Mary Humphrey I am a photographer who embraces challenges. I am a collaborative photographer who relishes working with people where relationships are established and maintained. My camera has enabled me to meet diverse sections of the community. An integral element of being an effective photographer is learning and obtaining an understanding of issues, which surround my subjects. This challenging process has made an impact on my development as a photographer. Having enjoyed a fulfilling and successful career in the world of teaching and education, my interest in photography was ignited whilst living in California. My formal photography education started at the College of San Mateo, which resulted in being invited to join the fraternity of the Phi Theta Kappa Honour Society. On returning to England, I continued my photographic development as a student at the Cambridge School of Art, where I was awarded a 1st Class Honours Degree (2011). Having now gained a distinction in a Printmaking M.A. (2014) at the Cambridge School of Art, my objective as a photographer is to continue collaborating with those whose stories are neglected. Through exhibitions and presentations my intention is to stimulate discussion and questions, within the frame and outside the frame, about those whom I photograph. My photographic style blurs the boundaries between portraiture and social reportage. Although I continue to find processing and developing images in the dark-room (colour and black/white) to be exciting and satisfying I now incorporate digital imaging within my portfolio.
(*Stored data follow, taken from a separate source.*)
Section ScaledVector.
Variables (p : nat) (Z : T -> R) (xs : 'I_p -> T -> R).
Hypotheses (mZ : measurable_fun setT Z) (mxs : forall i, measurable_fun setT (xs i)).
Hypotheses (Z4 : (fun w => Z w ^+ 4) \in Lfun P 1)
  (x4 : forall i, (fun w => xs i w ^+ 4) \in Lfun P 1).

Let Zxs i w := Z w * xs i w.

Let Lfun2_Zxs i : Zxs i \in Lfun P 2%:E.
Proof. exact: Lfun2_mul. Qed.

Lemma mxform_covmx_scaled_le v :
  (fun w => dotv (xvec xs w) v ^+ 4) \in Lfun P 1 ->
  mxform (covmx P Zxs) v v ^+ 2 <=
    mean (fun w => Z w ^+ 4) * mean (fun w => dotv (xvec xs w) v ^+ 4).
Proof.
move=> xv4; have mxv := measurable_dotv_xvec v mxs.
have sumE : \sum_i (v i 0 \o* Zxs i) = (fun w => Z w * dotv (xvec xs w) v).
  apply/funext => w; rewrite fct_sumE /dotv mulr_sumr.
  by apply: eq_bigr => i _; rewrite /Zxs mxE /=; ring.
have var_ge0 := covmx_psd v Lfun2_Zxs.
rewrite (mxform_covmx v Lfun2_Zxs) sumE mean_variance ?Lfun2_mul // in var_ge0 *.
set m2 := mean (fun w => (Z w * _) ^+ 2) in var_ge0 *.
have m2_ge0 : 0 <= m2 by apply: mean_ge0 => w; exact: sqr_ge0.
have m2_cs : m2 ^+ 2 <=
    mean (fun w => Z w ^+ 4) * mean (fun w => dotv (xvec xs w) v ^+ 4).
  by rewrite /m2; under eq_fun do rewrite exprMn; exact: mean_cauchy_schwarz.
by apply: le_trans m2_cs; rewrite ler_pXn2r ?nnegrE // gerBl sqr_ge0.
Qed.

Lemma opnorm_covmx_scaled_le C D : 0 <= C ->
  mean (fun w => Z w ^+ 4) <= D -> (forall i, xs i \in Lfun P 2%:E) ->
  (forall v, l2norm v = 1 -> (fun w => dotv (xvec xs w) v ^+ 4) \in Lfun P 1) ->
  (forall v, l2norm v = 1 ->
    mean (fun w => dotv (xvec xs w) v ^+ 4) <= C * mxform (covmx P xs) v v ^+ 2) ->
  opnorm (covmx P Zxs) <= Num.sqrt (C * D) * opnorm (covmx P xs).
Proof.
move=> C0 Z4D x2 xv4 xv4C.
have Z4_ge0 := mean_ge0 (fun w => pow4_ge0 (Z w)).
have D0 : 0 <= D := le_trans Z4_ge0 Z4D.
apply: opnorm_psd_le; first exact: covmx_tr.
- by move=> z; exact: covmx_psd Lfun2_Zxs.
- by rewrite mulr_ge0 ?sqrtr_ge0 ?opnorm_ge0.
move=> v v1; set s := mxform (covmx P xs) v v.
have s0 : 0 <= s := covmx_psd v x2.
apply: (@le_trans _ _ (Num.sqrt (C * D) * s)).
  rewrite -(ler_pXn2r (_ : (0 < 2)%N)) ?nnegrE ?mulr_ge0 ?sqrtr_ge0 ?(covmx_psd v Lfun2_Zxs) //.
  apply: le_trans (mxform_covmx_scaled_le (xv4 v v1)) _.
  rewrite exprMn sqr_sqrtr ?mulr_ge0 //.
  have xv4_ge0 := mean_ge0 (fun w => pow4_ge0 (dotv (xvec xs w) v)).
  apply: le_trans (ler_pM Z4_ge0 xv4_ge0 Z4D (xv4C v v1)) _.
  by rewrite mulrCA mulrA.
by rewrite ler_wpM2l ?sqrtr_ge0 // mxform_le_opnorm.
Qed.
Lemma Bform_gram p v w : in_Hm m p -> M v -> M w ->
  cnorm2 ((cre (Bform p p))%:C * Bform v w - Bform v p * Bform p w) <=
    (cnorm2 (Bform v p) - cre (Bform p p) * cre (Bform v v)) *
    (cnorm2 (Bform w p) - cre (Bform p p) * cre (Bform w w)).
Proof.
move=> Hp Mv Mw; have [Mp p_pos] := Hp.
have := Bform_orth_CS Hp (in_model_orth_part Mp Mv) (in_model_orth_part Mp Mw)
  (Bform_orth_part_orth Mp Mv) (Bform_orth_part_orth Mp Mw).
rewrite Bform_orth_part // (creBform_orth_partii Mp Mv) (creBform_orth_partii Mp Mw).
rewrite [in X in cnorm2 X]Bform_real cnorm2M cnorm2R.
by move=> CS; rewrite -(ler_pM2l (exprn_gt0 2 p_pos)); lra.
Qed.

End HermitianForm.

Lemma re_conj_mul_gt0 {R : realType} (A Kv Kw : R) (s t Y : R[i]) :
  0 < A -> 0 < Kv -> 0 <= Kw -> t != 0 ->
  A * Kv <= cnorm2 s -> A * Kw <= cnorm2 t ->
  cnorm2 (A%:C * Y - s * t^*%C) <= (cnorm2 s - A * Kv) * (cnorm2 t - A * Kw) ->
  0 < cre (s^*%C * Y * t).
Proof.
move=> A_gt0 Kv_gt0 Kw_ge0 t_neq0 s_ge t_ge gram.
set S := cnorm2 s in s_ge gram *; set T := cnorm2 t in t_ge gram *.
set Z := A%:C * Y - s * t^*%C in gram.
have T_gt0 : 0 < T := cnorm2_gt0 t_neq0.
have S_gt0 : 0 < S by apply: lt_le_trans s_ge; rewrite mulr_gt0.
have Z_lt : cnorm2 Z < S * T.
  have a_gt0 : 0 < A * Kv by rewrite mulr_gt0.
  have b_ge0 : 0 <= A * Kw by rewrite mulr_ge0 // ltW.
  move: (A * Kv) (A * Kw) a_gt0 b_ge0 s_ge t_ge gram => a b; nra.
have W_gt : - (S * T) < cre (s^*%C * Z * t).
  have := cre_sqr_le (s^*%C * Z * t); rewrite !cnorm2M cnorm2J -/S -/T.
  have := cnorm2_ge0 Z; nra.
have key : A%:C * (s^*%C * Y * t) = s^*%C * Z * t + S%:C * T%:C.
  by rewrite /Z /S /T -!mulcJ; ring.
have := congr1 cre key; rewrite creD !creMR creR => reE.
by rewrite -(pmulr_rgt0 _ A_gt0) reE; lra.
Qed.

Section Triple.
Context {R : realType} (m : option nat).
Local Notation M := (in_model m).
Implicit Types (u v w p y : nat -> R[i]) (l : R[i]).

Definition triple u v w := Bform u v * Bform v w * Bform w u.

Lemma CartE u v w : Cart u v w = carg (triple u v w).
Proof. by []. Qed.

Lemma triple_re_gt0 p v w : in_Hm m p -> in_Hm m v -> M w -> 0 <= cre (Bform w w) ->
  Bform w p != 0 -> 0 < cre (triple p v w).
Proof.
move=> Hp [Mv v_pos] Mw w_ge0 wp_neq0; have [Mp p_pos] := Hp.
rewrite /triple [Bform p v](Bform_conj Mv Mp).
apply: (re_conj_mul_gt0 p_pos v_pos w_ge0 wp_neq0 (Bform_reverse_CS Hp Mv) (Bform_reverse_CS Hp Mw)).
by have := Bform_gram Hp Mv Mw; rewrite [Bform p w](Bform_conj Mw Mp).
Qed.

Lemma Bform_Hm_neq0 p v : in_Hm m p -> in_Hm m v -> Bform v p != 0.
Proof.
move=> Hp [Mv v_pos]; have [_ p_pos] := Hp.
have := lt_le_trans (mulr_gt0 p_pos v_pos) (Bform_reverse_CS Hp Mv).
by apply: contraTneq => ->; rewrite /cnorm2 /= expr0n addr0 ltxx.
Qed.

Lemma triple_conj u v w : M u -> M v -> M w -> triple v u w = (triple u v w)^*.
Proof.
move=> Mu Mv Mw; rewrite /triple !rmorphM /=.
rewrite -(Bform_conj Mu Mv) -(Bform_conj Mv Mw) -(Bform_conj Mw Mu); ring.
Qed.

Lemma triple_scale12 l1 l2 u v w : M u -> M v -> M w ->
  triple (fun j => l1 * u j) (fun j => l2 * v j) w =
    (cnorm2 l1 * cnorm2 l2)%:C * triple u v w.
Proof.
move=> Mu Mv Mw; have [Mlu Mlv] := (in_model_scale l1 Mu, in_model_scale l2 Mv).
rewrite /triple (Bform_scalel _ Mu Mlv) (Bform_scaler _ Mv Mu) (Bform_scalel _ Mv Mw).
rewrite (Bform_scaler _ Mu Mw) rmorphM /= -!mulcJ; ring.
Qed.

Lemma triple_scale3 l u v w : M u -> M v -> M w ->
  triple u v (fun j => l * w j) = (cnorm2 l)%:C * triple u v w.
Proof.
move=> Mu Mv Mw; rewrite /triple (Bform_scaler _ Mw Mv) (Bform_scalel _ Mw Mu) -mulcJ.
by ring.
Qed.

Lemma triple_cocycle u v w y : M u -> M v -> M w -> M y ->
  triple u v y * triple v w y * triple w u y =
    (cnorm2 (Bform y u) * cnorm2 (Bform y v) * cnorm2 (Bform y w))%:C * triple u v w.
Proof.
move=> Mu Mv Mw My; rewrite /triple !rmorphM /= -!mulcJ.
by rewrite -(Bform_conj My Mu) -(Bform_conj My Mv) -(Bform_conj My Mw); ring.
Qed.

End Triple.

Section CartanBoundary.
Context {R : realType} (m : option nat) (y : nat -> R[i]).
Hypothesis y_boundary : in_boundary m y.
Implicit Types (u v w : nat -> R[i]) (l : R[i]).

Let My : in_model m y := proj1 y_boundary.

Lemma triple_boundary_re_gt0 u v : in_Hm m u -> in_Hm m v -> 0 < cre (triple u v y).
Proof.
move=> Hu Hv; have [_ [_ y_iso]] := y_boundary.
apply: triple_re_gt0 Hu Hv My _ (Bform_boundary_neq0 Hu y_boundary).
by rewrite y_iso.
Qed.

Lemma Cart_boundary_antisym u v : in_Hm m u -> in_Hm m v -> Cart v u y = - Cart u v y.
Proof.
move=> [Mu u_pos] [Mv v_pos].
by rewrite !CartE (triple_conj Mu Mv My) carg_conj // triple_boundary_re_gt0.
Qed.

Lemma Cart_boundary_cocycle u v w : in_Hm m u -> in_Hm m v -> in_Hm m w ->
  Cart u v y + Cart v w y + Cart w u y = Cart u v w.
Proof.
move=> Hu Hv Hw; case: (Hu) (Hv) (Hw) => [Mu _] [Mv _] [Mw w_pos].
rewrite !CartE; apply: carg_mul3 (triple_cocycle Mu Mv Mw My).
- exact: triple_boundary_re_gt0 Hu Hv.
- exact: triple_boundary_re_gt0 Hv Hw.
- exact: triple_boundary_re_gt0 Hw Hu.
- exact: triple_re_gt0 Hu Hv Mw (ltW w_pos) (Bform_Hm_neq0 Hu Hw).
- have y_neq0 z : in_Hm m z -> 0 < cnorm2 (Bform y z).
    by move=> Hz; rewrite cnorm2_gt0 // (Bform_boundary_neq0 Hz y_boundary).
  by rewrite !mulr_gt0 // y_neq0.
Qed.

Lemma Cart_boundary_isometry (T : (nat -> R[i]) -> nat -> R[i]) mu l1 l2 u v :
  (forall v, in_model m v -> in_model m (T v)) ->
  (forall v w, in_model m v -> in_model m w -> Bform (T v) (T w) = Bform v w) ->
  (forall j, T y j = mu * y j) -> cnorm2 l1 = 1 -> cnorm2 l2 = 1 ->
  in_Hm m u -> in_Hm m v ->
  Cart (fun j => l1 * T u j) (fun j => l2 * T v j) y = Cart u v y.
Proof.
move=> TM TB Ty l1_unit l2_unit Hu Hv; case: (Hu) (Hv) => [Mu _] [Mv _].
have TH w : in_Hm m w -> in_Hm m (T w) by case=> Mw w_pos; split; [exact: TM | rewrite TB].
have triple_T : (cnorm2 mu)%:C * triple (T u) (T v) y = triple u v y.
  rewrite -(triple_scale3 mu (TM _ Mu) (TM _ Mv) My) -(funext Ty).
  by rewrite /triple !TB.
have Tpos := triple_boundary_re_gt0 (TH _ Hu) (TH _ Hv).
have mu_gt0 : 0 < cnorm2 mu.
  rewrite lt_neqAle cnorm2_ge0 andbT eq_sym; apply: contraTneq (triple_boundary_re_gt0 Hu Hv).
  by rewrite -triple_T => ->; rewrite creMR mul0r ltxx.
rewrite !CartE (triple_scale12 l1 l2 (TM _ Mu) (TM _ Mv) My) l1_unit l2_unit mulr1 mul1r.
by rewrite -triple_T (carg_scale mu_gt0 Tpos).
Qed.

End CartanBoundary.

Theorem mainTheorem6 (R : realType) (G : topologicalType)
    (mul : G -> G -> G) (inv : G -> G) (one : G)
    (HG : is_topological_group mul inv one)
    (m : option nat) (rho : G -> (nat -> R[i]) -> (nat -> R[i]))
    (Hrho : is_representation mul m rho)
    (x : nat -> R[i]) (Hx : in_Hm m x) :
  (exists y : nat -> R[i], in_boundary m y /\ forall g : G, fixes_point (rho g) y) ->
  exists omega : G -> G -> R,
    (forall g l : G, omega l g = - omega g l) /\
    (forall h g l : G, omega (mul h g) (mul h l) = omega g l) /\
    (forall g l k : G,
       omega l k - omega g k + omega g l = Cart (rho g x) (rho l x) (rho k x)).
Proof.
move=> [y [Hy y_fixed]]; have [rho_U [rho_hom _]] := Hrho; have [Mx x_pos] := Hx.
have rhoM g : forall v, in_model m v -> in_model m (rho g v) by case: (rho_U g).
have rhoB g : forall v w, in_model m v -> in_model m w -> Bform (rho g v) (rho g w) = Bform v w.
  by have [_ [_ [rhoB _]]] := rho_U g.
have rhoH g : in_Hm m (rho g x) by split; [exact: rhoM | rewrite rhoB].
exists (fun g l => Cart (rho g x) (rho l x) y); split; [|split].
- by move=> g l /=; rewrite (Cart_boundary_antisym Hy (rhoH g) (rhoH l)).
- move=> h g l /=; have [[l1 l1_unit E1] [l2 l2_unit E2]] := (rho_hom h g, rho_hom h l).
  have [mu rho_y] := y_fixed h.
  rewrite (funext (E1 x Mx)) (funext (E2 x Mx)).
  exact: Cart_boundary_isometry (rhoM h) (rhoB h) rho_y l1_unit l2_unit (rhoH g) (rhoH l).
- move=> g l k /=; rewrite -(Cart_boundary_cocycle Hy (rhoH g) (rhoH l) (rhoH k)).
  by rewrite (Cart_boundary_antisym Hy (rhoH g) (rhoH k)); lra.
Qed.
Lemma F32_term_S (a1 a2 a3 b1 b2 : C) (n : nat) :
  poch b1 (S n) <> 0 -> poch b2 (S n) <> 0 ->
  F32_term a1 a2 a3 b1 b2 (S n) =
  F32_term a1 a2 a3 b1 b2 n *
  ((a1 + RtoC (INR n)) * (a2 + RtoC (INR n)) * (a3 + RtoC (INR n))
   / ((b1 + RtoC (INR n)) * (b2 + RtoC (INR n)) * (RtoC (INR n) + 1))).
Proof.
  intros [Hb1 Hb1n]%poch_S_neq0_inv [Hb2 Hb2n]%poch_S_neq0_inv.
  pose proof (RtoC_INR_fact_neq0 n). pose proof (RtoC_INR_plus_1_neq0 n).
  unfold F32_term. rewrite !poch_S.
  change (fact (S n)) with (S n * fact n)%nat.
  rewrite mult_INR, RtoC_mult, RtoC_INR_S.
  field. repeat split; assumption.
Qed.

Section WatsonContiguity.

Variables (a c x e : C).

Definition watson_ratio : C := 1 - c * x / (e * (2 * c - a - 1)).

(* Found by Zeilberger's algorithm. *)
Definition watson_certificate (n : nat) : C :=
  RtoC (INR n) * (RtoC (INR n) + 2 * c - 1) * F32_term a c x (2 * c) e n
  / (a * (2 * c - a - 1)).

Lemma F32_watson_contiguous (n : nat) :
  a + x + 1 = 2 * e ->
  a <> 0 -> a + 1 <> 0 -> 2 * c - a - 1 <> 0 ->
  poch (2 * c) (S n) <> 0 -> poch e (S n) <> 0 ->
  F32_term a c x (2 * c) e n - watson_ratio * F32_term (a + 2) c x (2 * c) (e + 1) n
  = watson_certificate (S n) - watson_certificate n.
Proof.
  intros Hwatson Ha Ha1 Hca Hc He.
  assert (He0 : e <> 0).
  { rewrite poch_S_l in He. intros E. apply He. rewrite E. ring. }
  destruct (poch_S_neq0_inv _ _ He) as [Hen Hen'].
  destruct (poch_S_neq0_inv _ _ Hc) as [Hcn Hcn'].
  pose proof (RtoC_INR_fact_neq0 n). pose proof (RtoC_INR_plus_1_neq0 n).
  assert (Hshift : F32_term (a + 2) c x (2 * c) (e + 1) n
                   = F32_term a c x (2 * c) e n
                     * ((a + RtoC (INR n)) * (a + 1 + RtoC (INR n)) * e
                        / (a * (a + 1) * (e + RtoC (INR n))))).
  { unfold F32_term. replace (a + 2) with (a + 1 + 1) by ring.
    rewrite (poch_plus_1 (a + 1)), (poch_plus_1 a), (poch_plus_1 e) by assumption.
    field. repeat split; assumption. }
  unfold watson_certificate, watson_ratio.
  rewrite Hshift, F32_term_S, RtoC_INR_S by assumption.
  replace x with (2 * e - a - 1) by (rewrite <- Hwatson; ring).
  field. repeat split; assumption.
Qed.

End WatsonContiguity.

Lemma F32_watson_sum_step (p : nat) (c x e : C) :
  let a := RtoC (- INR (S (S p))) in
  a + x + 1 = 2 * e -> poch (2 * c) (S (S (S p))) <> 0 -> poch e (S (S (S p))) <> 0 ->
  Csum (F32_term a c x (2 * c) e) (S (S p))
  = watson_ratio a c x e * Csum (F32_term (RtoC (- INR p)) c x (2 * c) (e + 1)) p.
Proof.
  intros a Hwatson Hc He.
  assert (Ha2 : a + 2 = RtoC (- INR p)) by (unfold a; rewrite !RtoC_opp, !RtoC_INR_S; ring).
  assert (Ha : a <> 0) by apply RtoC_opp_INR_S_neq0.
  assert (Ha1 : a + 1 <> 0).
  { replace (a + 1) with (RtoC (- INR (S p))) by (unfold a; rewrite !RtoC_opp, !RtoC_INR_S; ring).
    apply RtoC_opp_INR_S_neq0. }
  assert (Hca : 2 * c - a - 1 <> 0).
  { replace (2 * c - a - 1) with (2 * c + RtoC (INR (S p)))
      by (unfold a; rewrite !RtoC_opp, !RtoC_INR_S; ring).
    apply (poch_S_neq0_inv _ _ (poch_neq0_le _ (S (S p)) (S (S (S p))) ltac:(lia) Hc)). }
  assert (Hcontig : forall n, (n <= S (S p))%nat ->
    F32_term a c x (2 * c) e n
    - watson_ratio a c x e * F32_term (RtoC (- INR p)) c x (2 * c) (e + 1) n
    = watson_certificate a c x e (S n) - watson_certificate a c x e n).
  { intros n Hn. rewrite <- Ha2.
    apply F32_watson_contiguous; try assumption;
      apply (poch_neq0_le _ _ (S (S (S p)))); (lia || assumption). }
  assert (Hcert0 : watson_certificate a c x e 0 = 0).
  { unfold watson_certificate. simpl INR. unfold Cdiv. ring. }
  assert (Hcert_last : watson_certificate a c x e (S (S (S p))) = 0).
  { unfold watson_certificate, F32_term, a. rewrite poch_opp_INR_eq0 by lia. unfold Cdiv. ring. }
  rewrite <- (Csum_S_last_eq0 _ p), <- (Csum_S_last_eq0 _ (S p))
    by (unfold F32_term; rewrite poch_opp_INR_eq0 by lia; unfold Cdiv; ring).
  apply Ceq_minus.
  rewrite <- Csum_mult_l, <- Csum_minus, (Csum_ext _ _ _ Hcontig), Csum_telescope,
    Hcert0, Hcert_last.
  ring.
Qed.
Projects continue to be shot with film ( 120/35mm) in conjuction with digital photographs. Indeed I am delighted to be able to foster young students’ enthusiasm for dark-room activities whilst teaching at The Leys School in Cambridge.

Sally Bevan, Senior Archivist, London Metropolitan Archives

Dr Barbara Warnock, Senior Curator and Head of Education, The Wiener Library

Rosita Rosenberg, Liberal Judaism

Dr Verusca Calabria is an interdisciplinary qualitative researcher working across the Social Sciences and Humanities, and an experienced Oral History practitioner. Her research interests encompass psychosocial approaches to mental health, behavioural research methods (oral history and participatory action research), patient and public involvement (PPI), the history of mental health care.


Professor Gavin Schaffer, University of Birmingham. I am a specialist in race and immigration history and have a particular interest in racial science, race and the media and the history of racial violence. My present research also focuses on constructions of Jewish history and the treatment of minorities in Britain during the Second World War.